Si le colportage occasionnel d’épisodes étranges ou effrayants apparaît dès les débuts de
l’imprimerie et trouve dans notre région un lieu d’expression privilégié dans les pages du
Messager boiteux au 18e siècle déjà, le fait divers n’accède au rang de genre éditorial défini
que dans la deuxième partie du 19e siècle, avec l’essor de la presse dite populaire. Jusque-là,
les affaires à caractère pénal étaient souvent traitées dans la "Chronique judiciaire" et les
nouvelles relevant du fait divers dans les actualités.
Produit d’une mise en récit, le fait divers est une construction qui entretient des relations
ambiguës avec la réalité. Il fait figure de miroir déformant quand, notamment par sa
focalisation sur les expressions les plus violentes de la délinquance, il introduit une distorsion
entre le réel et l’image qu’il en donne. Parfois monté en épingle, il n’échappe pas à
l’instrumentalisation. Il en dit long cependant sur l’état des consciences et des sensibilités : le
fait divers renseigne au fond davantage sur la perception que l’on a des événements et les
craintes qu’ils suscitent, que sur leur portée réelle.
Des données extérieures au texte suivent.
(* Zero oscillation forces equal rank functions, since both vanish at 0. *)
Lemma osc_le0_eq A B : sorted ltn A -> sorted ltn B -> osc_le A B 0 -> A = B.
Proof.
move=> sA sB H; apply: rank_inj => // x.
by have := H x 0; have := H 0 x; rewrite !rank0; lia.
Qed.

Lemma cnt_rank A p q : cnt_int A p q = rank A q.+1 - rank A p.
Proof.
case: (leqP p q.+1) => hp; last first.
  rewrite /cnt_int (eq_count (a2 := pred0)) ?count_pred0 => [|x /=]; last by lia.
  by have := rank_mono A (ltnW hp); lia.
suff -> : rank A q.+1 = cnt_int A p q + rank A p by rewrite addnK.
elim: A => [|a A IH] //=; rewrite /cnt_int /rank /= -/(rank A q.+1) -/(rank A p).
by rewrite -/(cnt_int A p q) IH; case: (ltnP a p); case: (leqP a q) => /=; lia.
Qed.

Lemma osc_le_dsum A B n : osc_le A B n -> dsum A B <= n.
Proof.
move=> H; apply/bigmax_leqP => p _; apply/bigmax_leqP => q _.
rewrite !cnt_rank /absdiff; have := H p q.+1; have := H q.+1 p.
case: (leqP p q.+1) => hp.
  by have := rank_mono A hp; have := rank_mono B hp; lia.
by have := rank_mono A (ltnW hp); have := rank_mono B (ltnW hp); lia.
Qed.

Lemma dsum_interval A B x y : x <= y -> y <= maxn (bound A) (bound B) ->
  absdiff (rank A y - rank A x) (rank B y - rank B x) <= dsum A B.
Proof.
case: y => [|q] hxy hyK; first by rewrite (_ : x = 0) ?subnn /absdiff; lia.
rewrite -!cnt_rank /dsum /=; set M := (maxn _ _).+2.
have hx : x < M by move: hyK; rewrite /M /bound; lia.
have hq : q < M by move: hyK; rewrite /M /bound; lia.
have row := @leq_bigmax _ (fun p : 'I_M => \max_(r < M) absdiff (cnt_int A p r) (cnt_int B p r))
  (Ordinal hx).
have entry := @leq_bigmax _ (fun r : 'I_M => absdiff (cnt_int A x r) (cnt_int B x r)) (Ordinal hq).
exact: leq_trans entry row.
Qed.

Lemma dsum_osc_le A B n : dsum A B <= n -> osc_le A B n.
Proof.
move=> H a b; set K := maxn (bound A) (bound B).
rewrite (@rank_clamp A K a) ?leq_maxl // (@rank_clamp A K b) ?leq_maxl //.
rewrite (@rank_clamp B K a) ?leq_maxr // (@rank_clamp B K b) ?leq_maxr //.
case: (leqP (minn a K) (minn b K)) => [hab | /ltnW hba].
  have := dsum_interval hab (geq_minr b K); rewrite /absdiff.
  by have := rank_mono A hab; have := rank_mono B hab; lia.
have := dsum_interval hba (geq_minr a K); rewrite /absdiff.
by have := rank_mono A hba; have := rank_mono B hba; lia.
Qed.

Section Walks.
Variables (V : seq nat -> Prop) (E : seq nat -> seq nat -> Prop).

Lemma walk_ends A B n : walk V E A B n -> V A /\ V B.
Proof.
elim: n A => [|n IH] A /=; first by move=> [hA <-].
by move=> [hA [C [_ /IH[]]]].
Qed.

Lemma walk_snoc A C B m : walk V E A C m -> E C B -> V B -> walk V E A B m.+1.
Proof.
elim: m A => [|m IH] A /= [hA].
  by move=> <- hCB hB; split=> //; exists B.
by move=> [D [hAD hw]] hCB hB; split=> //; exists D; split=> //; apply: IH.
Qed.

Lemma walk_osc_le A B n : (forall X Y, V X -> V Y -> E X Y -> osc_le X Y 1) ->
  walk V E A B n -> osc_le A B n.
Proof.
move=> hE; elim: n A => [|n IH] A /=.
  by move=> [_ <-] a b; rewrite addn0 addnC.
move=> [hA [C [hAC hw]]]; have [hC _] := walk_ends hw.
by rewrite -add1n; apply: osc_le_trans (hE _ _ hA hC hAC) (IH _ hw).
Qed.

End Walks.

Lemma walk_mono (V V' : seq nat -> Prop) (E E' : seq nat -> seq nat -> Prop) A B n :
  (forall X, V X -> V' X) -> (forall X Y, E X Y -> E' X Y) ->
  walk V E A B n -> walk V' E' A B n.
Proof.
move=> hV hE; elim: n A => [|n IH] A /= [/hV hA]; first by [].
by move=> [C [/hE hAC /IH hw]]; split=> //; exists C.
Qed.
Il est frappant de constater qu’en dépit de son statut de genre souvent déconsidéré, il
conserve un incontestable pouvoir d’attraction. Cela tient aux ressorts multiples dont il
procède, mêlant fantasmes, pulsions, tabous, vertige de l’interdit, besoin de conjuration,
quête d’assouvissement ou simplement de distraction. Le fait divers emprunte à la structure
du mythe en faisant intervenir dans sa dramaturgie le poids de la fatalité sur les destinées
humaines. Il nous donne à voir l’infinité des expressions que peut revêtir l'inattendu quand il
fait irruption dans la normalité rassurante du quotidien.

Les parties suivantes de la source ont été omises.